The helicopter consists of four legs, a chassis and two propellers superimposed. It measures 1.2 meters long from one end of the blade to the other, and looks like a huge march.

– “Surprises” await

This Martian event is as important as the achievement represented by the first motorized flight on the planet in 1903. A small piece of cloth from the Wright brothers’ plane that took off on this mission more than a century ago in North Carolina, was placed on “Ingenuity” in greeting For the first ground flight.

To ensure that “no risk” was taken on this first flight, according to Tim Canham, special operations officer for this helicopter, the vehicle rose vertically to a height of three meters. Then it hovered in place before landing again.

The spacecraft received guidance from Earth hours earlier, but it flew independently by autonomously analyzing its position relative to the planet’s surface.

The next day, once its batteries are recharged, the helicopter will send a color image of the horizon that should have been taken by its other camera.

But the most prominent pictures will be those that will be taken by “Perseverance” of the helicopter sortie, from the observation point where it is stationed a few meters away.

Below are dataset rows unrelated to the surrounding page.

Lemma measurable_prox_gauge {R : realType} {d} {X : measurableType d}
    (dist : X -> X -> R) (T : X -> X) (s : nat -> R) :
  measurable_fun setT (fun z : X * X => dist z.1 z.2) ->
  measurable_fun setT T ->
  measurable_fun setT (prox_gauge dist T s).
Proof.
move=> md mT; rewrite /prox_gauge /limn_einf; apply: measurableT_comp => //.
apply: (measurable_fun_limn_esup
  (f := fun n z => - (s n * dist (iter n T z.1) (iter n T z.2))%:E)%E) => n.
apply: measurableT_comp => //; apply/measurable_EFinP.
apply: measurable_funM => //.
apply: (measurableT_comp md (g := fun z : X * X => (iter n T z.1, iter n T z.2))).
by apply: measurable_fun_pair; apply: measurableT_comp (measurable_iter _ n mT) _.
Qed.

Lemma probability_nonempty {d} {X : measurableType d} {R : realType}
  (mu : probability X R) : [set: X] !=set0.
Proof.
apply/set0P/eqP => X0; have := probability_setT mu.
by rewrite X0 measure0 => /eqP; rewrite eq_sym; apply/negP; exact: oner_neq0.
Qed.

Section prox_gauge_ae_const.
Local Open Scope ereal_scope.
Context {d} {X : measurableType d} {R : realType} (dist : X -> X -> R).
Hypothesis dist_metric : is_metric dist.
Hypothesis dist_separable : metric_separable dist.
Hypothesis measurable_metric : measurable = <<s [set A | metric_open dist A] >>.
Variables (T : X -> X) (mu : probability X R).
Hypothesis mT : measurable_fun setT T.
Hypothesis mu_invariant : forall A, measurable A -> mu (T @^-1` A) = mu A.
Hypothesis mu_weak_mixing : forall B, measurable B -> prod_map T @^-1` B = B ->
  (mu \x mu) B = 0 \/ (mu \x mu) B = 1.

Lemma prox_gauge_ae_const s : scale_sequence s -> monotone_seq s \/ steady_seq s ->
  exists c, {ae mu \x mu, forall z, prox_gauge dist T s z = c}.
Proof.
move=> s_scale s_reg; have [x0 _] := probability_nonempty mu.
have md := measurable_dist_pair _ dist_metric measurable_metric x0 dist_separable.
have mg := measurable_prox_gauge _ _ s md mT.
apply: ae_const_of_sublevel01 (mg) _ => r.
have mlt : measurable [set z | prox_gauge dist T s z < r%:E].
  by rewrite -[A in measurable A]setTI; exact: emeasurable_fun_infty_o.
have [dist_ge0 _ _ _] := dist_metric.
case: s_reg => [s_mono|s_steady].
- apply: (subinvariant_measure01 _ _ _ (measurable_prod_map _ mT)
      (product_measure_prod_map_invariant _ _ mT mu_invariant) mu_weak_mixing mlt).
  by move=> z /= /(le_lt_trans (prox_gauge_prod_map_le _ _ dist_ge0 _ _ s_mono)).
- apply: mu_weak_mixing => //; apply/funext => z.
  by rewrite /preimage /= prox_gauge_prod_map_eq.
Qed.

End prox_gauge_ae_const.

Section power_scale.
Context {R : realType}.

Lemma cvgy_natr_powR (a : R) : 0 < a -> (fun n : nat => n%:R `^ a) @ \oo --> +oo.
Proof.
move=> a0; apply/cvgryPgt => K; pose M := Num.max K 1.
have M1 : 1 <= M by rewrite le_max lexx orbT.
have Ma : M = (M `^ a^-1) `^ a.
  by rewrite -powRrM mulVf ?gt_eqF// powRr1// (le_trans ler01 M1).
have /cvgryPgt/(_ (M `^ a^-1)) := @cvgr_idn R.
apply: filterS => n Mn; apply: (@le_lt_trans _ _ M); first by rewrite le_max lexx.
by rewrite [X in X < _]Ma; apply: gt0_ltr_powR; rewrite ?nnegrE ?powR_ge0.
Qed.

Lemma scale_sequence_pow (a : R) : 0 < a -> scale_sequence (fun n : nat => n%:R `^ a).
Proof.
move=> a0; split; last exact: cvgy_natr_powR.
by move=> n n0; apply: powR_gt0; rewrite ltr0n.
Qed.

Lemma monotone_seq_pow (a : R) : 0 <= a -> monotone_seq (fun n : nat => n%:R `^ a).
Proof.
move=> a0; exists 0%N => n _.
by apply: ge0_ler_powR => //; rewrite ?nnegrE ?ler0n// ler_nat.
Qed.

End power_scale.

Section prox_gauge_pow.
Context {R : realType} {X : Type} (dist : X -> X -> R) (T : X -> X).
Hypothesis dist_ge0 : forall x y, 0 <= dist x y.

Lemma prox_gauge_pow_ge0 a z : (0 <= prox_gauge_pow dist T a z)%E.
Proof. by apply: limn_einf_ge0 => n; rewrite lee_fin mulr_ge0 ?powR_ge0. Qed.

Lemma prox_gauge_pow_le a b z : a <= b ->
  (prox_gauge_pow dist T a z <= prox_gauge_pow dist T b z)%E.
Proof.
move=> ab; apply: (le_limn_einf 1) => n n1.
by rewrite lee_fin ler_wpM2r// ler_powR// ler1n.
Qed.

(* [n^b d_n = n^(b-a) (n^a d_n)] with [n^(b-a) -> +oo]. *)
Lemma prox_gauge_pow_eq0 a b z : a < b ->
  (prox_gauge_pow dist T b z < +oo)%E -> prox_gauge_pow dist T a z = 0%E.
Proof.
move=> ab gb; apply/eqP; rewrite eq_le prox_gauge_pow_ge0 andbT leNgt.
have ba : 0 < b - a by rewrite subr_gt0.
apply/negP => /(limn_einf_mul_cvgy _ _ (cvgy_natr_powR _ ba)) gy.
move: gb; rewrite ltNge => /negP; apply.
rewrite -gy; apply: (le_limn_einf 1) => n n1.
by rewrite lee_fin mulrA -powRD ?subrK// pnatr_eq0 -lt0n n1 implybT.
Qed.

End prox_gauge_pow.

Section critical_exponent.
Local Open Scope ereal_scope.
Context {d} {Y : measurableType d} {R : realType}.
Variables (P : {measure set Y -> \bar R}) (g : R -> Y -> \bar R).

Definition critical_exponent : \bar R :=
  ereal_sup ([set 0] `|` [set a%:E | a in [set a : R | (0 < a)%R /\
    {ae P, forall z, g a z = 0}]]).

Hypothesis g_ge0 : forall a z, 0 <= g a z.
Hypothesis g_le : forall a b z, (a <= b)%R -> g a z <= g b z.
Hypothesis g_eq0 : forall a b z, (a < b)%R -> g b z < +oo -> g a z = 0.
Hypothesis g_ae_const : forall a, (0 < a)%R -> exists c, {ae P, forall z, g a z = c}.

Lemma critical_exponent_ge0 : 0 <= critical_exponent.
Proof. by apply: ereal_sup_ubound; left. Qed.

Lemma ae_lt_critical_exponent a : (0 <= a)%R -> a%:E < critical_exponent ->
  {ae P, forall z, g a z = 0}.
Proof.
move=> a0 /ereal_sup_gtP [_ [->|[b [b0 gb] <-]] ab].
  by move: ab; rewrite lte_fin ltNge a0.
apply: filterS gb => z gbz; apply/eqP; rewrite eq_le g_ge0 andbT -gbz.
by apply: g_le; rewrite ltW// -lte_fin.
Qed.

Lemma ae_gt_critical_exponent a : critical_exponent < a%:E ->
  {ae P, forall z, g a z = +oo}.
Proof.
move=> Ca; have a0 : (0 < a)%R by rewrite -lte_fin (le_lt_trans critical_exponent_ge0).
have [c gc] := g_ae_const _ a0.
have [<-//|cy] := eqVneq c +oo.
have [b /andP[Cb ba]] := lte_EFin_between _ _ Ca.
have gb : {ae P, forall z, g b z = 0}.
  by apply: filterS gc => z gz; apply: (g_eq0 _ a); rewrite ?gz ?ltey -?lte_fin.
have : b%:E <= critical_exponent.
  apply: ereal_sup_ubound; right; exists b => //; split => //.
  by rewrite -lte_fin (le_lt_trans critical_exponent_ge0).
by rewrite leNgt Cb.
Qed.

End critical_exponent.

Elsa Jensen, in charge of cameras in the “Perseverance” rover, said that the full video will be sent “in the following days,” explaining, “We will have surprises, and you will know about them at the same time with us. So let’s all get popcorn” to follow up on the show.

– “the risk”

According to Mimi Ong, NASA prepared four scenarios: complete success, partial success, imperfect data, or failure.

After the helicopter succeeds in its mission, it may run out of its second sortie after four days at most. NASA intends to conduct up to five sorties spread over a month and are graded in difficulty.

“NASA” hopes to be able to raise the helicopter to a height of five meters, to try at this level to make it move sideways.

Mimi Aung indicated that the “life span of” the helicopter “will be renewed according to the way it descends” each time, that is, whether it succeeds in avoiding a collision.

“When we get to the fourth or fifth flight, the situation will be amusing,” she said. “We really want to push her vehicle to its limits” and “the risk.”

Whatever happens, the “Ingenuity” experiment will stop after a month or less, to allow the “Perseverance” rover to devote itself to its main mission of searching for ancient traces of life on Mars.